Another goal of the invention is a device and an associated procedure that minimizes the pressure exerted by the probe tips over the integrated circuit, so as to avoid bending of its substrate and any damage that may otherwise result from structural stresses.
Another objective is an apparatus suitable for carrying out both the alignment of the integrated circuit with the probe card and the normal testing of the circuit in a single operation.
Another object is an apparatus suitable for testing integrated circuits both in the form of a packaged chip and in the form of a wafer.
Still another object is an approach suitable for automated implementation, so that multiple tests can be carried out with speed and reliability for quality control of several integrated circuits in a water.
Another goal is also a method and apparatus that are suitable for incorporation within existing instruments.

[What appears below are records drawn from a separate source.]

(* The trapezoidal and lower sums are compared cell by cell. Since p = 1/f is
   positive and decreasing, every trapezoid exceeds its lower rectangle, so
   Sigma_t already passes b strictly before Sigma_l reaches it: n3 < n2.
   Since p' is increasing, p is convex and lies below each of its chords; the
   fine trapezoids inside a coarse cell of width eps are therefore dominated
   by the trapezoids of the chord, whose sum is exactly the coarse trapezoid.
   Hence Sigma_t with step eps/j over j m nodes is at most Sigma_t with step
   eps over m nodes, which gives j n3^(1) <= n3^(j). Derivatives are only
   given on [y0, +oo); the mean value theorem is obtained by extending the
   functions constantly to the left of y0. *)

From Stdlib Require Import Reals Lra Lia Classical Arith Wf_nat.
From Coquelicot Require Import Coquelicot.
Open Scope R_scope.

Definition increasing_from (y0 : R) (g : R -> R) : Prop :=
  forall a c, y0 <= a -> a < c -> g a < g c.

Definition decreasing_from (y0 : R) (g : R -> R) : Prop :=
  forall a c, y0 <= a -> a < c -> g c < g a.

Definition convex_from (y0 : R) (g : R -> R) : Prop :=
  forall x y z, y0 <= x -> x <= y -> y <= z -> x < z ->
  (g y - g x) * (z - x) <= (g z - g x) * (y - x).

Definition extend_left (y0 : R) (g : R -> R) (x : R) : R := g (Rmax y0 x).

Lemma has_deriv_ge_approx y0 g y l : has_deriv_ge y0 g y l ->
  forall e, 0 < e -> exists d, 0 < d /\
  forall x, y0 <= x -> x <> y -> Rabs (x - y) < d ->
  Rabs ((g x - g y) / (x - y) - l) < e.
Proof.
  intros H e He.
  destruct (proj1 (filterlim_locally _ _) H (mkposreal e He)) as [d Hd].
  exists d; split; [apply cond_pos|].
  intros x Hx Hxy Hxd; apply (Hd x); [exact Hxd | split; assumption].
Qed.

Lemma extend_left_derivable y0 g y l : y0 < y -> has_deriv_ge y0 g y l ->
  derivable_pt_lim (extend_left y0 g) y l.
Proof.
  intros Hy H e He.
  destruct (has_deriv_ge_approx _ _ _ _ H e He) as [d [Hd Happrox]].
  assert (Hm : 0 < Rmin d (y - y0)) by (apply Rmin_pos; lra).
  exists (mkposreal _ Hm); intros k Hk Hkd; simpl in Hkd.
  pose proof (Rmin_l d (y - y0)); pose proof (Rmin_r d (y - y0)).
  pose proof (Rabs_def2 _ _ Hkd).
  unfold extend_left; rewrite (Rmax_right y0 (y + k)), (Rmax_right y0 y) by lra.
  specialize (Happrox (y + k)); replace (y + k - y) with k in Happrox by ring.
  apply Happrox; lra.
Qed.
Lemma tight_path_size_lt_hopdiam v q : v != s -> path tight v q ->
  (size q < hopdiam adj w)%N.
Proof.
move=> vs vq; have [p pP] := shortest_paths_exists v.
have pqP : p ++ q \in SP (last v q).
  move: pP; rewrite !mem_shortest_paths cat_path last_cat.
  by case/andP=> -> /eqP ->; rewrite vq eqxx.
have := size_shortest_path_le_hopdiam pqP; rewrite size_cat.
case: p pP {pqP} => [|x p]; last by move=> _ /=; lia.
by rewrite mem_shortest_paths /= => /eqP sv; rewrite sv eqxx in vs.
Qed.

Lemma sum_sigma_tight_preds v (S : V -> R) : v != s ->
  (forall u, tight u v -> S u = (sig u)%:R) ->
  \sum_(u in [set u | tight u v]) S u = (sig v)%:R.
Proof.
move=> vs S_pred; rewrite big_set (sigma_rec vs) natr_sum.
by apply: eq_bigr => u /S_pred.
Qed.

Lemma sum_ratio_tight_succs v (S B : V -> R) :
  (forall x, tight v x -> S x = (sig x)%:R /\ B x = bc adj w x s) ->
  (sig v)%:R * \sum_(x in [set x | tight v x]) Defs.ratio (B x) (S x) = bc adj w v s.
Proof.
move=> SB_succ; rewrite big_set bc_rec; congr (_ * _).
by apply: eq_bigr => x /SB_succ[-> ->].
Qed.

(** * Convergence of the algorithm *)

Lemma adj_neq v u : adj v u -> u != v.
Proof. by apply: contraTneq => ->; rewrite adj_irr. Qed.

Lemma exists_neighbor v : v != s -> exists u, adj v u.
Proof.
move=> vs; have /connectP[[|u p] /= vp vs_eq] := connected v s.
  by rewrite vs_eq eqxx in vs.
by case/andP: vp => vu _; exists u.
Qed.

Lemma mem_msgs v u t : ((u, t) \in msgs adj v) = adj v u.
Proof.
apply/allpairsP/idP => [[[x y] /= [+ _ [-> _]]]|vu]; first by rewrite mem_filter => /andP[].
by exists (u, t); rewrite /= mem_filter vu !mem_enum.
Qed.

Lemma uniq_msgs v : uniq (msgs adj v).
Proof.
apply: allpairs_uniq => [||[? ?] [? ?] _ _ //]; last exact: enum_uniq.
by rewrite filter_uniq // enum_uniq.
Qed.

Lemma dist_le_relay u v d : adj u v -> ((dist u)%:E <= d)%E ->
  ((dist v)%:E <= d + (w u v)%:E)%E.
Proof.
move=> uv; case: d => [r| |] //=; last by rewrite addye ?leey.
rewrite -EFinD !lee_fin => ur; apply: le_trans (dist_triangle uv) _.
by rewrite lerD2r.
Qed.

Definition sound_at v (st : lstate V R) :=
  [/\ ((dist v)%:E <= Dv st s)%E, NH st s \subset [set u | adj v u],
      PH st s \subset [set u | adj v u] & (v = s -> Sv st s s = 1)].

Definition sound (c : config V R) := forall x, sound_at x (c x).

Lemma sound_init : sound (init_state R).
Proof.
move=> x; rewrite /init_state; split; rewrite ?sub0set //=; last by move->; rewrite eqxx.
by case: eqP => [<-|_]; rewrite ?dist_source ?leey.
Qed.

Lemma notin_nbrs v (X : {set V}) : X \subset [set u | adj v u] -> v \notin X.
Proof. by move=> /subsetP X_nbrs; apply/negP => /X_nbrs; rewrite inE adj_irr. Qed.

Lemma sound_deliver c v st m : sound c -> sound_at v st -> adj v m.1 ->
  sound_at v (deliver w c v st m).
Proof.
case: m => u t sound_c [D_ge N_nbrs P_nbrs S_ss] /= vu; have uv := adj_neq vu.
rewrite /sound_at.
have [->|ts] := eqVneq t s; last first.
  have [-> -> -> S_eq _] := deliver_off_s w c v st (m := (u, t)) ts.
  by split=> // /S_ss <-; apply: S_eq.
have [[D' N' P'] _ _ S_own] := deliver_at_s w s c st uv.
have [N_sub P_sub] := relax_subset (Dv st s) (NH st s) (PH st s) u
  (Dv (c u) s + (w u v)%:E) (Dv (c u) s - (w u v)%:E).
have add_u (X : {set V}) : X \subset [set x | adj v x] -> u |: X \subset [set x | adj v x].
  by move=> X_nbrs; rewrite subUset sub1set inE vu.
have N'_nbrs := subset_trans N_sub (add_u _ N_nbrs); rewrite -N' in N'_nbrs.
have P'_nbrs := subset_trans P_sub (add_u _ P_nbrs); rewrite -P' in P'_nbrs.
split=> // [|vs]; last first.
  have [+ _] := S_own (notin_nbrs N'_nbrs) (notin_nbrs P'_nbrs).
  by rewrite -vs eqxx /= => ->; rewrite vs; apply: S_ss.
rewrite D'; apply: relax_D_ge => //; apply: dist_le_relay; first by rewrite adj_sym.
by case: (sound_c u).
Qed.

(* The rules by which [process] recomputes S[v,s] and B[v,s] hold in the current state. *)
Definition consistent v (st : lstate V R) :=
  Sv st v s = \sum_(x in NH st s) Sv st x s /\
  Bv st v s = Sv st v s * \sum_(x in PH st s) Defs.ratio (Bv st x s) (Sv st x s).

Lemma consistent_deliver c v st m : sound c -> v != s -> sound_at v st -> adj v m.1 ->
  m.2 = s \/ consistent v st -> consistent v (deliver w c v st m).
Proof.
case: m => u t sound_c vs sound_st /= vu t_or; rewrite /consistent.
have [->|ts] := eqVneq t s.
  have [_ _ _ S_own] := deliver_at_s w s c st (adj_neq vu).
  have [_ N'_nbrs P'_nbrs _] := sound_deliver (m := (u, s)) sound_c sound_st vu.
  have [S' B'] := S_own (notin_nbrs N'_nbrs) (notin_nbrs P'_nbrs).
  by rewrite B' S' eq_sym vs.
case: t_or => [t_eq|[S_c B_c]]; first by rewrite t_eq eqxx in ts.
have [_ -> -> S_eq B_eq] := deliver_off_s w c v st (m := (u, t)) ts.
split; first by rewrite S_eq S_c; apply: eq_bigr => x _; rewrite S_eq.
by rewrite B_eq B_c S_eq; congr (_ * _); apply: eq_bigr => x _; rewrite S_eq B_eq.
Qed.

Lemma foldl_consistent c v st l : sound c -> v != s -> sound_at v st ->
  (forall m, m \in l -> adj v m.1) -> has (fun m => m.2 == s) l ->
  consistent v (foldl (deliver w c v) st l).
Proof.
move=> sound_c vs; elim: l st => //= m l IH st sound_st senders.
have vm := senders m (mem_head m l).
have senders_l m' : m' \in l -> adj v m'.1 by move=> m'l; apply: senders; rewrite inE m'l orbT.
have sound_st' := sound_deliver sound_c sound_st vm.
case/orP=> [/eqP ms|]; last exact: IH.
pose P st := sound_at v st /\ consistent v st.
suff [] : P (foldl (deliver w c v) (deliver w c v st m) l) by [].
apply: foldl_ind => [|st' m' m'l [sound' cons']].
  by split=> //; apply: consistent_deliver => //; left.
split; first exact: sound_deliver sound_c sound' (senders_l m' m'l).
by apply: consistent_deliver => //; [apply: senders_l | right].
Qed.
(* Let $1\to K\to G\xrightarrow{p} Q\to 1$ be an exact sequence of groups (so $p:G\to Q$ is a surjection with kernel $K$), and assume every non-trivial element of $K$ is a generalized torsion element of $G$. Then a non-trivial element $g\in G$ is a generalized torsion element of $G$ if and only if either $p(g)=1$ or $p(g)$ is a generalized torsion element of $Q$.
   Context: For $g,x$ in a group, $g^{x}:=xgx^{-1}$. A non-trivial element $g$ of a group $G$ is a generalized torsion element (of $G$) if there exist a positive integer $n$ and $x_1,\ldots,x_n\in G$ with $g^{x_1}g^{x_2}\cdots g^{x_n}=1$. *)

From HB Require Import structures.
From mathcomp Require Import all_boot.
From mathcomp Require Import monoid.

Set Implicit Arguments.
Unset Strict Implicit.
Unset Printing Implicit Defensive.

Local Open Scope group_scope.

(* Paper's conjugation convention: g^x := x g x^-1. *)
Definition pconj (G : groupType) (g x : G) : G := x * g * x^-1.

Definition conj_prod (G : groupType) (g : G) (s : seq G) : G :=
  foldr (fun x acc => pconj g x * acc) 1 s.

Definition gen_torsion (G : groupType) (g : G) : Prop :=
  g <> 1 /\ exists s : seq G, 0 < size s /\ conj_prod g s = 1.

(* The image under p of a product of conjugates of g is a product of conjugates
   of p g, which gives the direct implication.  Conversely, lift a relation
   (p g)^{q_1} ... (p g)^{q_n} = 1 to G: the product k of the corresponding
   conjugates of g lies in K, so either k = 1 or k is generalized torsion; and
   a product of conjugates of k is again a product of conjugates of g. *)
From HB Require Import structures.
From mathcomp Require Import all_boot.
From mathcomp Require Import monoid.

Local Open Scope group_scope.

Section ConjProd.
Context {G : groupType}.
Implicit Types (g y : G) (s t : seq G).

Lemma conj_prod_cat g s t :
  conj_prod g (s ++ t) = conj_prod g s * conj_prod g t.
Proof. by elim: s => [|x s IHs] /=; rewrite ?mul1g // IHs mulgA. Qed.

Lemma pconj_conj_prod g s y :
  pconj (conj_prod g s) y = conj_prod g (map ( *%g y) s).
Proof.
elim: s => [|x s IHs] /=; rewrite /pconj; first by rewrite mulg1 mulgV.
by rewrite -IHs /pconj invgM !mulgA mulgVK.
Qed.

Lemma conj_prod_conj_prod g s t :
  conj_prod (conj_prod g s) t =
  conj_prod g (flatten [seq map ( *%g y) s | y <- t]).
Proof. by elim: t => [|y t IHt] //=; rewrite conj_prod_cat IHt pconj_conj_prod. Qed.

Lemma gen_torsion_conj_prod g s :
  g <> 1 -> 0 < size s -> conj_prod g s = 1 \/ gen_torsion (conj_prod g s) ->
  gen_torsion g.
Proof.
move=> g_neq1 s_gt0 [gs1 | [_ [t [t_gt0 gst1]]]]; split=> //; first by exists s.
exists (flatten [seq map ( *%g y) s | y <- t]).
split; last by rewrite -conj_prod_conj_prod.
case: t t_gt0 {gst1} => [|y t] //= _.
by rewrite size_cat size_map (leq_trans s_gt0) ?leq_addr.
Qed.

End ConjProd.

Section Morphism.
Context {G Q : groupType} {p : G -> Q}.
Hypothesis p_mul : {morph p : x y / x * y}.

Lemma mulg_morph1 : p 1 = 1.
Proof. by apply: (@mulgI _ (p 1)); rewrite -p_mul !mulg1. Qed.

Lemma mulg_morphV x : p x^-1 = (p x)^-1.
Proof. by apply/esym/mulg1_eq; rewrite -p_mul mulgV mulg_morph1. Qed.

Lemma mulg_morph_conj_prod g s :
  p (conj_prod g s) = conj_prod (p g) (map p s).
Proof.
elim: s => [|x s IHs] /=; first exact: mulg_morph1.
by rewrite p_mul IHs /pconj !p_mul mulg_morphV.
Qed.

Lemma gen_torsion_morph g : gen_torsion g -> p g <> 1 -> gen_torsion (p g).
Proof.
move=> [_ [s [s_gt0 gs1]]] pg_neq1; split=> //.
by exists (map p s); rewrite size_map -mulg_morph_conj_prod gs1 mulg_morph1.
Qed.

End Morphism.

Lemma map_surj {T U : Type} {f : T -> U} :
  (forall u, exists t, f t = u) -> forall su, exists st, map f st = su.
Proof.
move=> f_surj; elim=> [|u su [st <-]]; first by exists [::].
by have [t <-] := f_surj u; exists (t :: st).
Qed.

Theorem theorem1p4 (G Q : groupType) (p : G -> Q)
  (p_mul : {morph p : x y / x * y})
  (p_surj : forall q : Q, exists g : G, p g = q)
  (hK : forall k : G, p k = 1 -> k <> 1 -> gen_torsion k) :
  forall g : G, g <> 1 -> (gen_torsion g <-> (p g = 1 \/ gen_torsion (p g))).
Proof.
move=> g g_neq1; split=> [g_tor | [pg1 | [_ [sq [sq_gt0 pg_sq1]]]]].
- have [pg1 | /eqP pg_neq1] := eqVneq (p g) 1; first by left.
  by right; apply: gen_torsion_morph.
- exact: hK.
- have [s def_sq] := map_surj p_surj sq; subst sq.
  rewrite size_map in sq_gt0.
  apply: (gen_torsion_conj_prod _ _ g_neq1 sq_gt0).
  have [gs1 | /eqP gs_neq1] := eqVneq (conj_prod g s) 1; first by left.
  by right; apply: hK gs_neq1; rewrite mulg_morph_conj_prod.
Qed.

A final objective is a system that can be implemented easily and economically according to the above stated criteria.
Therefore, according to these and other objectives, the preferred is embodiment of the present invention includes a back-side imaging infrared microscope combined with a conventional integrated-circuit probe card mounted on a platen that lowers the probe card to make contact with the top side of the wafer. At the same time, the microscope is located below the silicon substrate of the integrated circuit, on the side opposite to the probe card. The back side of the substrate is imaged through a window sized to provide a view of a single integrated circuit and of the corresponding probe tips overlying the contact pads, while also providing sufficient vertical support to minimize bending of the silicon substrate. Since the silicon substrate of integrated circuits is transparent to infrared wavelengths, the alignment between probe tips and contact pads can be carried out with a clear view of both from the bottom of the substrate. Appropriate mechanisms for angular and x,y,z position adjustments of the probe card with respect to the integrated circuit enable their vertical and parallel alignment. Furthermore, emission images from the integrated circuit can be taken during testing with the same microscope after electrical contact has been established. By using a single microscope for testing and alignment from the bottom side of the silicon substrate, precise alignment becomes possible even when the entire top side of the circuit is dedicated to accommodate electrical contacts.
According to another aspect of the invention, a special supporting plate with a bottom view window is combined with a movable frame for an IC wafer. The frame is adapted for slidable, precisely controlled motion over the supporting plate, so that multiple circuits in a wafer can be positioned sequentially over the view window, aligned with the probe card, and tested by imaging infrared emissions caused by circuit failures. Thus, the full benefits of IR microscopy can be applied to integrated circuits before they are packaged. Initial detection of a fault and the subsequent failure analysis, which have been so far performed in two separate steps, are combined into a single operation by the present invention.
Various other purposes and advantages of the invention will become clear from its description in the specification that follows and from the novel features particularly pointed out in the appended claims. Therefore, to the accomplishment of the objectives described above, this invention consists of the features hereinafter illustrated in the drawings, fully described in the detailed description of the preferred embodiment and particularly pointed out in the claims. However, such drawings and description disclose but one of the various ways in which the invention may be practiced.